"Terima kasih, Bening."
Adalah hal terakhir yang kuingat sebelum kegelapan menelanku.
Namaku Bening Syaira, siswi dengan kehidupan SMA yang terasa biasa saja sampai rentetan peristiwa ini menimpaku.
Raka Aldebaran, siswa teladan SMA Harapan, Kapten ekstrakulikuler basket dengan segudang title yang tidak dapat kusebutkan, ditemukan meninggal dunia setelah terjatuh dari balkon kamarnya di lantai tiga. Kalian bertanya apa hubungan kematian seorang pangeran sekolah dengan siswi biasa sepertiku? Tidak ada. Aku hanya kebetulan bertemu dengan siswa 'teladan' lain bernama Ardan Praditya yang dengan mustahilnya merupakan teman dekat Raka sejak kecil. Siswa 'teladan' dengan title yang melampaui Raka, dijauhi satu sekolah, serta dengan kebetulannya menyeretku masuk ke dalam kekacauan ini.
Kringg... bel istirahat. Aku bergegas menuju kantin, bahkan mengabaikan panggilan teman semejaku hanya untuk menemukan segerombol siswi sedang bergerumul membicarakan sesuatu.
"Mereka bilang Raka bunuh diri."
"Bukankah tidak masuk akal?"
"Kenapa seseorang yang berprestasi seperti Raka rela melakukan itu?"
Seminggu telah berlalu sejak berita kematian Raka tersebar. Sepertinya mereka masih belum dapat merelakan kepergian pangeran sekolah itu. Hanya helaan nafas yang dapat aku keluarkan. Bukan berarti aku lelah atau membenci apa yang mereka bicarakan, semua pertanyaan yang mereka lontarkan sebenarnya terdengar masuk akal bagiku. Sayangnya, aku tidak menyukai keramaian dan sesuatu yang merepotkan.
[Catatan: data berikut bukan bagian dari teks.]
Lemma gamma_kernel_log_le_envelope j d s x : 0 < d -> 0 < x ->
  gamma_kernel s x * (Rabs (ln x) ^ j * exp (d * Rabs (ln x)))
  <= (INR j / d) ^ j * gamma_envelope s d x.
Proof.
  intros Hd Hx; set (y := ln x).
  assert (Hpow := pow_le_exp_mult j d (Rabs y) Hd (Rabs_pos y)).
  assert (Hexp : exp (d * Rabs y) * exp (d * Rabs y) <= exp (2 * d * y) + exp (- (2 * d * y))).
  { rewrite <- exp_plus; replace (d * Rabs y + d * Rabs y) with (Rabs (2 * d * y))
      by (rewrite Rabs_mult, (Rabs_pos_eq (2 * d)) by lra; ring).
    apply exp_Rabs_le. }
  assert (Hcoef : 0 <= (INR j / d) ^ j) by (apply pow_le, Rdiv_le_0_compat; [apply pos_INR | lra]).
  assert (Henv : gamma_envelope s d x = gamma_kernel s x * (exp (2 * d * y) + exp (- (2 * d * y)))).
  { unfold gamma_envelope; replace (s - 2 * d) with (s + - (2 * d)) by ring.
    rewrite <- !gamma_kernel_mult_Rpower by easy; unfold Rpower; fold y.
    replace (- (2 * d) * y) with (- (2 * d * y)) by ring; ring. }
  rewrite Henv, (Rmult_comm ((INR j / d) ^ j)), Rmult_assoc.
  apply Rmult_le_compat_l; [left; apply gamma_kernel_pos|].
  pose proof (exp_pos (d * Rabs y)); nra.
Qed.

Lemma ex_RInt_gen_gamma_log_kernel m s : 0 < s -> ex_RInt_gen (gamma_log_kernel m s) at_0 at_oo.
Proof.
  intros Hs; set (d := s / 4).
  destruct (ex_RInt_gen_gamma_envelope s d) as [l Hl]; [unfold d; lra|].
  apply ex_RInt_gen_dominated with (fun x => (INR m / d) ^ m * gamma_envelope s d x).
  - apply gamma_log_kernel_continuous.
  - intros x Hx; apply (continuous_scal_r _ (gamma_envelope s d)), gamma_envelope_continuous, Hx.
  - intros x Hx.
    apply Rle_trans with (2 := gamma_kernel_log_le_envelope m d s x ltac:(unfold d; lra) Hx).
    unfold gamma_log_kernel.
    rewrite Rabs_mult, <- RPow_abs, Rabs_pos_eq by (left; apply gamma_kernel_pos).
    apply Rmult_le_compat_l; [left; apply gamma_kernel_pos|].
    rewrite <- (Rmult_1_r (Rabs (ln x) ^ m)) at 1.
    apply Rmult_le_compat_l; [apply pow_le, Rabs_pos|].
    rewrite <- exp_0; apply exp_le_mono, Rmult_le_pos; [unfold d; lra | apply Rabs_pos].
  - exists ((INR m / d) ^ m * l); exact (is_RInt_gen_scal _ _ _ Hl).
Qed.

Lemma is_RInt_gen_gamma_log_moment m s :
  0 < s -> is_RInt_gen (gamma_log_kernel m s) at_0 at_oo (gamma_log_moment m s).
Proof. intros Hs; exact (RInt_gen_correct _ (ex_RInt_gen_gamma_log_kernel m s Hs)). Qed.

Lemma gamma_log_kernel_taylor_le m s h d x : 0 < d -> Rabs h <= d -> 0 < x ->
  Rabs (gamma_log_kernel m (s + h) x - gamma_log_kernel m s x - h * gamma_log_kernel (S m) s x)
  <= h ^ 2 * ((INR (S (S m)) / d) ^ S (S m) * gamma_envelope s d x).
Proof.
  intros Hd Hh Hx; set (y := ln x).
  assert (E : gamma_log_kernel m (s + h) x - gamma_log_kernel m s x - h * gamma_log_kernel (S m) s x
              = gamma_kernel s x * y ^ m * (exp (h * y) - 1 - h * y)).
  { unfold gamma_log_kernel; rewrite <- gamma_kernel_mult_Rpower by easy.
    unfold Rpower at 1; fold y; simpl; ring. }
  rewrite E, !Rabs_mult, <- RPow_abs, (Rabs_pos_eq (gamma_kernel s x)) by (left; apply gamma_kernel_pos).
  assert (Hexp : Rabs (exp (h * y) - 1 - h * y) <= h ^ 2 * (Rabs y ^ 2 * exp (d * Rabs y))).
  { apply Rle_trans with (1 := exp_sub_taylor1_le (h * y)).
    rewrite Rpow_mult_distr, pow2_abs, Rmult_assoc, <- (pow2_abs y).
    apply Rmult_le_compat_l; [apply pow2_ge_0|].
    apply Rmult_le_compat_l; [apply pow2_ge_0|].
    apply exp_le_mono; rewrite Rabs_mult; apply Rmult_le_compat_r; [apply Rabs_pos | easy]. }
  assert (Henv := gamma_kernel_log_le_envelope (S (S m)) d s x Hd Hx); fold y in Henv.
  replace (Rabs y ^ S (S m)) with (Rabs y ^ m * Rabs y ^ 2) in Henv by (simpl; ring).
  apply Rle_trans with (gamma_kernel s x * Rabs y ^ m * (h ^ 2 * (Rabs y ^ 2 * exp (d * Rabs y)))).
  - apply Rmult_le_compat_l; [|easy].
    apply Rmult_le_pos; [left; apply gamma_kernel_pos | apply pow_le, Rabs_pos].
  - pose proof (pow2_ge_0 h); nra.
Qed.

Lemma is_derive_of_quadratic_remainder (f : R -> R) s l C r : 0 < r ->
  (forall h, Rabs h <= r -> Rabs (f (s + h) - f s - h * l) <= C * h ^ 2) -> is_derive f s l.
Proof.
  intros Hr Hrem; apply is_derive_Reals; intros eps Heps.
  assert (HC : 0 <= C).
  { specialize (Hrem r ltac:(rewrite Rabs_pos_eq; lra)).
    pose proof (Rabs_pos (f (s + r) - f s - r * l)); pose proof (pow_lt r 2 Hr); nra. }
  assert (Hdel : 0 < Rmin r (eps / (C + 1)))
    by (apply Rmin_glb_lt; [easy | apply Rdiv_lt_0_compat; lra]).
  exists (mkposreal _ Hdel); intros h Hh0 Hh; simpl in Hh.
  pose proof (Rmin_l r (eps / (C + 1))); pose proof (Rmin_r r (eps / (C + 1))).
  assert (Hah : 0 < Rabs h) by (apply Rabs_pos_lt, Hh0).
  replace ((f (s + h) - f s) / h - l) with ((f (s + h) - f s - h * l) / h) by (field; easy).
  unfold Rdiv; rewrite Rabs_mult, Rabs_inv.
  apply Rle_lt_trans with (C * Rabs h).
  - apply (Rmult_le_reg_r (Rabs h)); [easy|].
    rewrite Rmult_assoc, Rinv_l, Rmult_1_r, Rmult_assoc by lra.
    replace (Rabs h * Rabs h) with (h ^ 2) by (rewrite <- pow2_abs; ring).
    apply Hrem; lra.
  - apply Rle_lt_trans with (C * (eps / (C + 1))); [apply Rmult_le_compat_l; lra|].
    apply (Rmult_lt_reg_r (C + 1)); [lra|].
    replace (C * (eps / (C + 1)) * (C + 1)) with (eps * C) by (field; lra); nra.
Qed.

Lemma gamma_log_moment_remainder_le m s : 0 < s -> exists C, forall h, Rabs h <= s / 4 ->
  Rabs (gamma_log_moment m (s + h) - gamma_log_moment m s - h * gamma_log_moment (S m) s) <= C * h ^ 2.
Proof.
  intros Hs; set (d := s / 4).
  destruct (ex_RInt_gen_gamma_envelope s d) as [l Hl]; [unfold d; lra|].
  exists ((INR (S (S m)) / d) ^ S (S m) * l); intros h Hh.
  assert (Hsh : 0 < s + h) by (apply Rabs_le_between in Hh; unfold d in Hh; lra).
  rewrite (Rmult_comm _ (h ^ 2)).
  apply (RInt_gen_abs_le
    (fun x => gamma_log_kernel m (s + h) x - gamma_log_kernel m s x - h * gamma_log_kernel (S m) s x)
    (fun x => h ^ 2 * ((INR (S (S m)) / d) ^ S (S m) * gamma_envelope s d x))).
  - intros x Hx; apply gamma_log_kernel_taylor_le; unfold d in *; lra.
  - exact (is_RInt_gen_minus _ _ _ _
      (is_RInt_gen_minus _ _ _ _ (is_RInt_gen_gamma_log_moment m _ Hsh)
         (is_RInt_gen_gamma_log_moment m _ Hs))
      (is_RInt_gen_scal _ h _ (is_RInt_gen_gamma_log_moment (S m) _ Hs))).
  - exact (is_RInt_gen_scal _ (h ^ 2) _ (is_RInt_gen_scal _ _ _ Hl)).
Qed.

Lemma is_derive_gamma_log_moment m s :
  0 < s -> is_derive (gamma_log_moment m) s (gamma_log_moment (S m) s).
Proof.
  intros Hs; destruct (gamma_log_moment_remainder_le m s Hs) as [C HC].
  apply (is_derive_of_quadratic_remainder _ _ _ C (s / 4)); [lra | exact HC].
Qed.

Lemma Gamma_eq_log_moment : Gamma = gamma_log_moment 0.
Proof.
  apply functional_extensionality; intros s; unfold Gamma, gamma_log_moment.
  f_equal; apply functional_extensionality; intros x.
  unfold gamma_log_kernel, gamma_kernel; simpl; ring.
Qed.

Lemma is_RInt_gen_Gamma s : 0 < s -> is_RInt_gen (gamma_kernel s) at_0 at_oo (Gamma s).
Proof. intros Hs; exact (RInt_gen_correct _ (ex_RInt_gen_gamma_kernel s Hs)). Qed.

Lemma Gamma_pos s : 0 < s -> 0 < Gamma s.
Proof.
  intros Hs; apply Rlt_le_trans with (RInt (gamma_kernel s) 1 2).
  - apply RInt_gt_0; [lra | intros; apply gamma_kernel_pos | intros; apply gamma_kernel_continuous; lra].
  - apply RInt_le_RInt_gen; try lra.
    + apply gamma_kernel_continuous.
    + intros; left; apply gamma_kernel_pos.
    + apply is_RInt_gen_Gamma, Hs.
Qed.
Lemma derive_pos_at_zero_neg_left (f : R -> R) c l a :
  is_derive f c l -> 0 < l -> f c = 0 -> a < c -> exists w, a <= w < c /\ f w < 0.
Proof.
  intros Hd Hl Hc Hac. apply is_derive_Reals in Hd.
  destruct (Hd l Hl) as [d Hnear].
  set (h := - Rmin (d / 2) ((c - a) / 2)).
  assert (Hmin : 0 < Rmin (d / 2) ((c - a) / 2)) by (apply Rmin_pos; pose proof (cond_pos d); lra).
  assert (Hh : h < 0) by (unfold h; lra).
  assert (Hhd : Rabs h < d).
  { unfold h. rewrite Rabs_Ropp, Rabs_pos_eq by lra.
    pose proof (Rmin_l (d / 2) ((c - a) / 2)). pose proof (cond_pos d). lra. }
  specialize (Hnear h ltac:(lra) Hhd). rewrite Hc in Hnear. apply Rabs_def2 in Hnear.
  exists (c + h). split.
  - unfold h. pose proof (Rmin_r (d / 2) ((c - a) / 2)). lra.
  - assert (Hq : 0 < (f (c + h) - 0) / h) by lra.
    replace (f (c + h)) with ((f (c + h) - 0) / h * h) by (field; lra). nra.
Qed.

Lemma stays_positive (f f' : R -> R) a :
  (forall x, a <= x -> is_derive f x (f' x)) -> 0 < f a ->
  (forall c, a < c -> f c = 0 -> 0 < f' c) -> forall x, a <= x -> 0 < f x.
Proof.
  intros Hd Ha Hzero b Hb.
  destruct (Rlt_or_le 0 (f b)) as [Hfb | Hfb]; [exact Hfb | exfalso].
  assert (Hab : a < b) by (destruct Hb as [Hb | <-]; lra).
  destruct (first_zero f a b Hab
              (fun x Hx => is_derive_continuity_pt f x _ (Hd x ltac:(lra))) Ha Hfb)
    as [c [Hc [Hfc Hleft]]].
  destruct (derive_pos_at_zero_neg_left f c (f' c) a (Hd c ltac:(lra))
              (Hzero c ltac:(lra) Hfc) Hfc ltac:(lra)) as [w [Hw Hfw]].
  specialize (Hleft w Hw). lra.
Qed.

Lemma positive_on_pos_reals (f f' : R -> R) :
  (forall x, 0 < x -> is_derive f x (f' x)) ->
  (forall c, 0 < c -> f c = 0 -> 0 < f' c) ->
  (exists d, 0 < d /\ forall x, 0 < x < d -> 0 < f x) ->
  forall x, 0 < x -> 0 < f x.
Proof.
  intros Hd Hzero [d [Hd0 Hnear]] x Hx.
  destruct (Rlt_or_le x d) as [Hxd | Hdx]; [apply Hnear; lra |].
  apply (stays_positive f f' (d / 2)); try lra.
  - intros y Hy. apply Hd. lra.
  - apply Hnear. lra.
  - intros c Hc. apply Hzero. lra.
Qed.

Lemma eventually_below (f f' : R -> R) a c e :
  0 < e -> (forall x, a <= x -> is_derive f x (f' x)) ->
  (forall x, a <= x -> c <= f x -> f' x <= - e) ->
  exists M, forall x, M <= x -> f x < c.
Proof.
  intros He Hd Hdec.
  (* Otherwise f >= c on [a, +oo) and f would drop by e T along [a, a + T]. *)
  assert (Hbelow : exists x1, a <= x1 /\ f x1 < c).
  { apply NNPP. intro Hnone.
    assert (Habove : forall x, a <= x -> c <= f x).
    { intros x Hx. apply Rnot_lt_le. intro Hlt. apply Hnone. exists x. split; assumption. }
    set (T := (Rabs (f a - c) + 1) / e).
    assert (HT : 0 < T) by (apply Rdiv_lt_0_compat; [pose proof (Rabs_pos (f a - c)) |]; lra).
    destruct (MVT_cor2 f f' a (a + T) ltac:(lra)
                (fun x Hx => proj1 (is_derive_Reals _ _ _) (Hd x ltac:(lra))))
      as [xi [Hmvt Hxi]].
    assert (Hslope : f' xi <= - e) by (apply Hdec; [| apply Habove]; lra).
    assert (HeT : e * T = Rabs (f a - c) + 1) by (unfold T; field; lra).
    pose proof (Rle_abs (f a - c)). pose proof (Habove (a + T) ltac:(lra)).
    replace (a + T - a) with T in Hmvt by ring. nra. }
  destruct Hbelow as [x1 [Hx1 Hfx1]]. exists x1. intros x Hx.
  enough (0 < c - f x) by lra.
  apply (stays_positive (fun x => c - f x) (fun x => 0 - f' x) x1); [| lra | | exact Hx].
  - intros y Hy. exact (is_derive_minus _ _ y _ _ (is_derive_const c y) (Hd y ltac:(lra))).
  - intros y Hy Hzero. pose proof (Hdec y ltac:(lra) ltac:(lra)). lra.
Qed.

Definition bessel_coef (nu k : nat) : R := / (INR (fact k) * INR (fact (k + nu))).

Definition bessel_series (nu : nat) (t : R) : R := PSeries (bessel_coef nu) t.

Lemma INR_fact_S n : INR (fact (S n)) = INR (S n) * INR (fact n).
Proof. rewrite fact_simpl, mult_INR. reflexivity. Qed.

Lemma bessel_coef_pos nu k : 0 < bessel_coef nu k.
Proof.
  apply Rinv_0_lt_compat, Rmult_lt_0_compat; apply INR_fact_lt_0.
Qed.

Lemma bessel_coef_ratio nu k :
  bessel_coef nu (S k) / bessel_coef nu k = / (INR (S k) * INR (S (k + nu))).
Proof.
  unfold bessel_coef. rewrite Nat.add_succ_l, !INR_fact_S.
  pose proof (INR_fact_lt_0 k). pose proof (INR_fact_lt_0 (k + nu)).
  pose proof (lt_0_INR (S k) (Nat.lt_0_succ k)).
  pose proof (lt_0_INR (S (k + nu)) (Nat.lt_0_succ (k + nu))).
  field. repeat split; lra.
Qed.

Lemma CV_radius_bessel_coef nu : CV_radius (bessel_coef nu) = p_infty.
Proof.
  apply CV_radius_infinite_DAlembert.
  - intro k. apply Rgt_not_eq, bessel_coef_pos.
  - apply is_lim_seq_le_le with (fun _ => 0) (fun k => / INR (S k)).
    + intro k. rewrite bessel_coef_ratio.
      pose proof (lt_0_INR (S k) (Nat.lt_0_succ k)).
      assert (1 <= INR (S (k + nu))) by (apply (le_INR 1); lia).
      assert (0 < / (INR (S k) * INR (S (k + nu)))) by (apply Rinv_0_lt_compat; nra).
      rewrite Rabs_pos_eq by lra. split; [lra |].
      apply Rinv_le_contravar; nra.
    + apply is_lim_seq_const.
    + apply (is_lim_seq_incr_1 (fun n => / INR n)).
      replace (Finite 0) with (Rbar_inv p_infty) by reflexivity.
      apply is_lim_seq_inv; [apply is_lim_seq_INR | discriminate].
Qed.

Lemma Rbar_lt_abs_p_infty x : Rbar_lt (Rabs x) p_infty.
Proof. exact I. Qed.

Lemma PS_derive_bessel_coef nu k :
  PS_derive (bessel_coef nu) k = bessel_coef (S nu) k.
Proof.
  unfold PS_derive, bessel_coef. rewrite Nat.add_succ_l, Nat.add_succ_r, INR_fact_S.
  pose proof (INR_fact_lt_0 k). pose proof (INR_fact_lt_0 (S (k + nu))).
  pose proof (lt_0_INR (S k) (Nat.lt_0_succ k)).
  field. repeat split; lra.
Qed.

Lemma is_derive_bessel_series nu t : is_derive (bessel_series nu) t (bessel_series (S nu) t).
Proof.
  unfold bessel_series. rewrite <- (PSeries_ext _ _ _ (PS_derive_bessel_coef nu)).
  apply is_derive_PSeries. rewrite CV_radius_bessel_coef. apply Rbar_lt_abs_p_infty.
Qed.

Lemma bessel_series_at_0 nu : bessel_series nu 0 = / INR (fact nu).
Proof. unfold bessel_series, bessel_coef. rewrite PSeries_0. simpl. field. apply INR_fact_neq_0. Qed.

Lemma PSeries_ge_head (a : nat -> R) t :
  CV_radius a = p_infty -> (forall n, 0 <= a n) -> 0 <= t -> a O <= PSeries a t.
Proof.
  intros Hr Ha Ht.
  assert (Hex : forall b, CV_radius b = p_infty -> ex_pseries b t).
  { intros b Hb. apply CV_radius_inside. rewrite Hb. apply Rbar_lt_abs_p_infty. }
  rewrite PSeries_decr_1 by (apply Hex; exact Hr).
  enough (0 <= PSeries (PS_decr_1 a) t) by nra.
  rewrite <- (PSeries_const_0 t). unfold PSeries. apply Series_le.
  - intro n. rewrite Rmult_0_l. split; [lra |].
    apply Rmult_le_pos; [apply Ha | apply pow_le, Ht].
  - pose proof (Hex _ (eq_trans (CV_radius_decr_1 a) Hr)) as Hd.
    revert Hd. apply ex_series_ext. intro n. rewrite pow_n_pow. apply Rmult_comm.
Qed.

Lemma bessel_series_ge_value_at_0 nu t : 0 <= t -> bessel_series nu 0 <= bessel_series nu t.
Proof.
  intro Ht. unfold bessel_series at 1. rewrite PSeries_0.
  apply PSeries_ge_head; [apply CV_radius_bessel_coef | | exact Ht].
  intro n. apply Rlt_le, bessel_coef_pos.
Qed.

Lemma bessel_series_0_sub_1 t : bessel_series 0 t - bessel_series 1 t = t * bessel_series 2 t.
Proof.
  assert (Hex : forall nu, ex_pseries (bessel_coef nu) t).
  { intro nu. apply CV_radius_inside. rewrite CV_radius_bessel_coef. apply Rbar_lt_abs_p_infty. }
  unfold bessel_series. rewrite <- PSeries_incr_1, <- PSeries_minus by apply Hex.
  apply PSeries_ext. intros [|k].
  - change (bessel_coef 0 0 - bessel_coef 1 0 = 0).
    unfold bessel_coef. simpl. field.
  - change (bessel_coef 0 (S k) - bessel_coef 1 (S k) = bessel_coef 2 k).
    unfold bessel_coef. rewrite !Nat.add_succ_r, !Nat.add_0_r, !INR_fact_S.
    pose proof (INR_fact_lt_0 k).
    pose proof (lt_0_INR (S k) (Nat.lt_0_succ k)).
    pose proof (lt_0_INR (S (S k)) (Nat.lt_0_succ (S k))).
    rewrite (S_INR (S k)). field. lra.
Qed.

Lemma besselI_bessel_series nu x : besselI nu x = (x / 2) ^ nu * bessel_series nu (x ^ 2 / 4).
Proof.
  unfold besselI, bessel_series, PSeries. rewrite <- Series_scal_l. apply Series_ext. intro k.
  unfold bessel_coef. rewrite pow_add, pow_mult.
  replace ((x / 2) ^ 2) with (x ^ 2 / 4) by field. unfold Rdiv. ring.
Qed.

Definition besselF (nu : nat) (x : R) : R := bessel_series nu (x ^ 2 / 4).

Lemma is_derive_besselF nu x :
  is_derive (besselF nu) x (x / 2 * besselF (S nu) x).
Proof.
  apply (is_derive_comp (bessel_series nu) (fun x => x ^ 2 / 4)).
  - apply is_derive_bessel_series.
  - auto_derive; [exact I | field].
Qed.

Lemma besselF_at_0 nu : besselF nu 0 = / INR (fact nu).
Proof. unfold besselF. replace (0 ^ 2 / 4) with 0 by field. apply bessel_series_at_0. Qed.

Lemma besselF_ge nu x : / INR (fact nu) <= besselF nu x.
Proof.
  rewrite <- bessel_series_at_0. apply bessel_series_ge_value_at_0.
  assert (0 <= x ^ 2) by (simpl; nra). lra.
Qed.

Lemma besselF_0_sub_1 x : besselF 0 x - besselF 1 x = x ^ 2 / 4 * besselF 2 x.
Proof. apply bessel_series_0_sub_1. Qed.

Lemma besselF_0_ge_1 x : 1 <= besselF 0 x.
Proof. pose proof (besselF_ge 0 x) as H. simpl in H. lra. Qed.

Lemma besselF_1_ge_1 x : 1 <= besselF 1 x.
Proof. pose proof (besselF_ge 1 x) as H. simpl in H. lra. Qed.

Lemma besselF_2_ge_half x : / 2 <= besselF 2 x.
Proof. pose proof (besselF_ge 2 x) as H. simpl in H. lra. Qed.

(* Psi and Theta vanish at 0 to orders 1 and 2; these are their regular cofactors. *)
Definition Psi_red (x : R) : R := besselF 1 x / besselF 0 x.
Definition Theta_red (x : R) : R := besselF 2 x / besselF 0 x.

Definition Theta (x : R) : R := 1 - 2 / x * Psi x.

Lemma Psi_eq_red x : Psi x = x / 2 * Psi_red x.
Proof.
  unfold Psi, Psi_red. rewrite !besselI_bessel_series. fold (besselF 0 x) (besselF 1 x).
  pose proof (besselF_0_ge_1 x). field. lra.
Qed.
Lemma eqrel_block_index i j : eqrel A i j = (block_index i == block_index j).
Proof.
apply/hasP/eqP => [[a aA /andP[ia ja]] | eij].
  rewrite -(nth_index set0 aA) in ia ja.
  by rewrite -(nth_block_index ia) -(nth_block_index ja).
exists (nth set0 A (block_index i)); first exact/mem_nth/block_index_lt.
by rewrite mem_nth_block_index eij mem_nth_block_index.
Qed.

Lemma ascrel_block_index i j : ascrel A i j = (block_index i < block_index j)%N.
Proof.
apply/ascrelP/idP => [[r [s [lt ir js]]] | lt].
  by rewrite -(nth_block_index ir) -(nth_block_index js).
by exists (block_index i), (block_index j); rewrite lt !mem_nth_block_index.
Qed.

Lemma eqrel_refl i : eqrel A i i.
Proof. by rewrite eqrel_block_index. Qed.

Lemma mem_block J i j : J \in A -> i \in J -> (j \in J) = eqrel A i j.
Proof.
move=> JA iJ; rewrite eqrel_block_index; rewrite -(nth_index set0 JA) in iJ *.
rewrite -(nth_block_index iJ); apply/idP/eqP => [/nth_block_index//|->].
exact: mem_nth_block_index.
Qed.

End BlockIndex.

Section Inflation.
Variables (F : finFieldType) (n : nat) (tau : rel 'I_n) (A : seq {set 'I_n}).
Hypotheses (tau_total : total_order tau) (A_setcomp : is_setcomp [set: 'I_n] A)
  (ascA_tau : forall i j, ascrel A i j -> tau i j).
Implicit Types (X Y : 'M[F]_n).

Local Notation bidx := (block_index A).
Local Notation maskA := (mx_mask (eqrel A)).

Lemma tau_block_index i j : tau i j -> (bidx i <= bidx j)%N.
Proof.
move=> tij; rewrite leqNgt; apply/negP => lt.
have tji : tau j i by apply: ascA_tau; rewrite (ascrel_block_index A_setcomp).
case: tau_total => _ tau_anti _ _.
by move: lt; rewrite (tau_anti i j) ?tij ?tji ?ltnn.
Qed.

Definition block_upper X := forall i j, X i j != 0 -> (bidx i <= bidx j)%N.

Lemma block_upper_UT pi X : offdiag_sub tau pi -> X \in UT F pi -> block_upper X.
Proof.
move=> pi_tau /(UTP tau_total pi_tau)[_ Xpi] i j nz; move/offdiag_subP: pi_tau => pi_tau.
have [->//|nij] := eqVneq i j.
exact/tau_block_index/(pi_tau _ _ nij)/(Xpi _ _ nij nz).
Qed.

Lemma mx_mask_eqrelE X i j : maskA X i j = if bidx i == bidx j then X i j else 0.
Proof.
rewrite mxE -(eqrel_block_index A_setcomp).
by case: eqVneq => [->|_] /=; rewrite ?(eqrel_refl A_setcomp).
Qed.

(* For block upper triangular X and Y, an entry of X *m Y inside a diagonal block only
   involves entries of X and Y inside that block. *)
Lemma mx_mask_eqrel_mulmx X Y : block_upper X -> block_upper Y ->
  maskA (X *m Y) = maskA X *m maskA Y.
Proof.
move=> Xup Yup; apply/matrixP => i j; rewrite mx_mask_eqrelE !mxE.
case: eqP => [eij|nij]; last first.
  rewrite big1 // => k _; rewrite !mx_mask_eqrelE.
  by case: eqP => eik; [case: eqP => ekj; [lia | rewrite mulr0] | rewrite mul0r].
apply: eq_bigr => k _; rewrite !mx_mask_eqrelE -eij.
case: eqP => [->|nik]; first by rewrite eqxx.
rewrite mul0r; have [->|/Xup le_ik] := eqVneq (X i k) 0; first by rewrite mul0r.
have [->|/Yup le_kj] := eqVneq (Y k j) 0; first by rewrite mulr0.
by move: nik; rewrite -eij in le_kj; lia.
Qed.

Section Sigma.
Variable sigma : rel 'I_n.
Hypotheses (sigma_tau : offdiag_sub tau sigma) (sigma_trans : transitive sigma).

Lemma offdiag_sub_UL : offdiag_sub tau (fun i j => sigma i j && eqrel A i j).
Proof. exact: offdiag_subI. Qed.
Begitu menyadari bahwa pembicaraan mereka tidak akan selesai dalam waktu singkat, kuputuskan untuk angkat kaki dari kantin. "Semoga Jauhara membawa bekal lebih," pikirku sambil meninggalkan kantin. "Kau ingin tau jawaban dari pertanyaan mereka?"
"Dari sekian banyak orang di sekolah ini, kenapa harus dia yang menahanku," ucapku dalam hati sambil berusaha melarikan diri darinya. "Kau tau, sebenarnya ada kabar yang beredar bahwa Raka meninggalkan pesan di samping mayatnya," ujarnya sambil terus mengikutiku. Ardan Praditya, berandal yang lebih senang membuat masalah ini penasaran dengan kematian Raka? Bukan hal yang aneh mengingat ia teman kecil Raka tetapi, kenapa harus menyeretku?
"Disaat siswi lain ramai membicarakan kematiannya, kau terlihat tidak tertarik," ucapnya seperti mengetahui apa yang kupikirkan. Dia menghetikanku hanya karena alasan itu? Sontak, kuhentikan langkahku dan bertanya padanya. "Apa maumu?" ucapku dengan nada yang sedikit kunaikkan. Menaikkan suaraku dihadapan seorang Ardan yang berandalan ini? Wah, aku tidak pernah menyangka aku seberani ini.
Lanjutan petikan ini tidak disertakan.